ACTIVITY:
All lines of the listing that contain "Rmax" should be shown in full.

INFORMATION SUPPLIED:
========================================
Lemma clipped_flow_stays_in_box (x t : R) :
  Rabs x <= box_radius lam -> 0 <= t -> Rabs (clipped_flow eps lam x t) <= box_radius lam.
Proof.
  intros Hx Ht. pose proof (box_radius_ge_3 lam) as HK.
  set (K := box_radius lam) in *. set (y := clipped_flow eps lam x).
  assert (Hbox : eps * K + 1 - K * K + Rabs lam < 0) by (unfold K, box_radius in *; nra).
  pose proof (Rle_abs lam). pose proof (Rle_abs (- lam)). rewrite Rabs_Ropp in *.
  apply Rabs_le_between in Hx. apply Rabs_le.
  enough (y t <= K /\ - y t <= K) by lra. split.
  - apply (le_of_is_derive_nonpos_above y (fun s => rhs_clipped eps lam s (y s))); auto;
      [intros s _; apply is_derive_clipped_flow | | unfold y; rewrite clipped_flow_at_0; lra].
    intros s _ Hs. unfold rhs_clipped, rhs. fold K.
    replace (clip K (y s)) with K by (unfold clip, Rmin, Rmax;
      destruct (Rle_dec K (y s)), (Rle_dec (- K) K); lra).
    rewrite Rabs_right by lra. pose proof (COS_bound s). nra.
  - apply (le_of_is_derive_nonpos_above (fun s => - y s)
      (fun s => - rhs_clipped eps lam s (y s))); auto;
      [intros s _; apply (is_derive_opp y), is_derive_clipped_flow
      | | unfold y; rewrite clipped_flow_at_0; lra].
    intros s _ Hs. unfold rhs_clipped, rhs. fold K.
    replace (clip K (y s)) with (- K) by (unfold clip, Rmin, Rmax;
      destruct (Rle_dec K (y s)), (Rle_dec (- K) (y s)); lra).
    rewrite Rabs_Ropp, Rabs_right by lra. pose proof (COS_bound s). nra.
Qed.

(* A fixed point of the period map [x |-> clipped_flow x (2 PI)], found by the
   intermediate value theorem on the invariant box. *)
Lemma exists_period_fixed_point :
  exists x, Rabs x <= box_radius lam /\ clipped_flow eps lam x (2 * PI) = x.
Proof.
  pose proof (box_radius_ge_3 lam) as HK. pose proof PI_RGT_0.
  set (K := box_radius lam) in *.
  set (period_gap := fun x => clipped_flow eps lam x (2 * PI) - x).
  assert (Hcont : continuity period_gap).
  { intros x. apply (continuity_pt_of_lipschitz _ _
      (exp ((eps + 2 * K) * Rabs (2 * PI)) + 1)).
    intros y. unfold period_gap.
    pose proof (clipped_flow_dist y x (2 * PI)) as Hd.
    replace (clipped_flow eps lam y (2 * PI) - y - (clipped_flow eps lam x (2 * PI) - x)) with
      ((clipped_flow eps lam y (2 * PI) - clipped_flow eps lam x (2 * PI)) - (y - x)) by ring.
    eapply Rle_trans; [apply Rabs_triang|]. rewrite Rabs_Ropp. fold K in Hd. lra. }
  assert (Hbox : forall x, Rabs x <= K -> - K <= clipped_flow eps lam x (2 * PI) <= K).
  { intros x Hx. apply Rabs_le_between, clipped_flow_stays_in_box; auto; lra. }
  destruct (IVT_cor period_gap (- K) K Hcont) as [xs [Hxs Hfix]]; [lra| |].
  - unfold period_gap.
    assert (H1 := Hbox (- K) ltac:(rewrite Rabs_Ropp, Rabs_right; lra)).
    assert (H2 := Hbox K ltac:(rewrite Rabs_right; lra)). nra.
  - exists xs. split; [apply Rabs_le; lra|]. unfold period_gap in Hfix. lra.
Qed.

End ClippedFlow.

Lemma rhs_periodic (eps lam u x : R) : rhs eps lam (u + 2 * PI) x = rhs eps lam u x.
Proof. unfold rhs. rewrite cos_plus, cos_2PI, sin_2PI. ring. Qed.

Definition periodic_solution (eps lam : R) (b : R -> R) : Prop :=
  (forall u, b (u + 2 * PI) = b u) /\ (forall u, Rabs (b u) <= box_radius lam) /\
  (forall u, is_derive b u (rhs eps lam u (b u))).

Lemma exists_periodic_solution (eps lam : R) : 0 <= eps <= 1 ->
  exists b, periodic_solution eps lam b.
Proof.
  intros He. pose proof PI_RGT_0.
  destruct (exists_period_fixed_point eps lam He) as [xs [Hxs Hfix]].
  set (b := clipped_flow eps lam xs).
  assert (Hb : forall t, is_derive b t (rhs_clipped eps lam t (b t)))
    by (intros; apply is_derive_clipped_flow; auto).
  assert (Hper : forall u, b (u + 2 * PI) = b u).
  { apply (periodic_of_return (rhs_clipped eps lam) (eps + 2 * box_radius lam)); auto.
    - intros u x. unfold rhs_clipped. now rewrite Rplus_comm, rhs_periodic.
    - intros u x y. apply rhs_clipped_lipschitz; lra.
    - unfold b. now rewrite clipped_flow_at_0. }
  assert (Hbound : forall u, Rabs (b u) <= box_radius lam).
  { intros u. destruct (periodic_reduce b (2 * PI) ltac:(lra) Hper u) as [r [Hr ->]].
    apply clipped_flow_stays_in_box; auto; lra. }
  exists b. split; [|split]; auto.
  intros u. unfold rhs_clipped in Hb. rewrite <- (clip_id (box_radius lam) (b u)); auto.
Qed.

(** * Hyperbolicity of the periodic solution *)

Section PeriodicSolution.

Variables (eps lam : R) (b : R -> R).
Hypothesis eps_nonneg : 0 <= eps.
Hypothesis b_periodic : periodic_solution eps lam b.

Lemma periodic_solution_lipschitz (u v : R) :
  Rabs (b v - b u) <= rhs_bound eps lam * Rabs (v - u).
Proof.
  destruct b_periodic as (_ & Hbound & Hd).
  apply (Rabs_sub_le_of_is_derive_le b (fun t => rhs eps lam t (b t))); intros t _; auto.
  apply Rabs_rhs_le; auto.
Qed.

Definition abs_integral (u : R) : R := RInt (fun v => Rabs (b v)) 0 u.

Lemma is_derive_abs_integral (u : R) : is_derive abs_integral u (Rabs (b u)).
Proof.
  apply (is_derive_RInt_0 (fun v => Rabs (b v))). intros z.
  apply continuity_pt_filterlim, (continuity_pt_of_lipschitz _ _ (rhs_bound eps lam)).
  intros y. eapply Rle_trans; [apply Rabs_triang_inv2|]. apply periodic_solution_lipschitz.
Qed.

Lemma abs_integral_at_0 : abs_integral 0 = 0.
Proof. unfold abs_integral. rewrite RInt_point. reflexivity. Qed.

Lemma abs_integral_le (u v : R) : u <= v -> abs_integral u <= abs_integral v.
Proof.
  intros Huv. apply (le_of_is_derive_nonneg abs_integral (fun u => Rabs (b u))); auto.
  - intros t _. apply is_derive_abs_integral.
  - intros t _. apply Rabs_pos.
Qed.

Lemma abs_integral_shift_period (u : R) :
  abs_integral (u + 2 * PI) - abs_integral u = abs_integral (2 * PI).
Proof.
  destruct b_periodic as (Hper & _).
  set (h := fun u => abs_integral (2 * PI + u) - abs_integral u).
  assert (Hconst : Rabs (h u - h 0) <= 0 * Rabs (u - 0)).
  { apply (Rabs_sub_le_of_is_derive_le h (fun _ => 0)); intros t _; [|rewrite Rabs_R0; lra].
    replace 0 with (Rabs (b (2 * PI + t)) - Rabs (b t)) by (rewrite Rplus_comm, Hper; ring).
    apply (is_derive_minus (fun u => abs_integral (2 * PI + u)) abs_integral).
    - apply is_derive_shift, is_derive_abs_integral.
    - apply is_derive_abs_integral. }
  rewrite Rmult_0_l in Hconst. pose proof (Rabs_pos (h u - h 0)).
  unfold h in Hconst. rewrite Rplus_0_r, abs_integral_at_0, Rplus_comm in Hconst.
  apply Rabs_le_between in Hconst. lra.
Qed.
========================================
ANSWER FOR THIS EXERCISE:
    replace (clip K (y s)) with K by (unfold clip, Rmin, Rmax;
    replace (clip K (y s)) with (- K) by (unfold clip, Rmin, Rmax;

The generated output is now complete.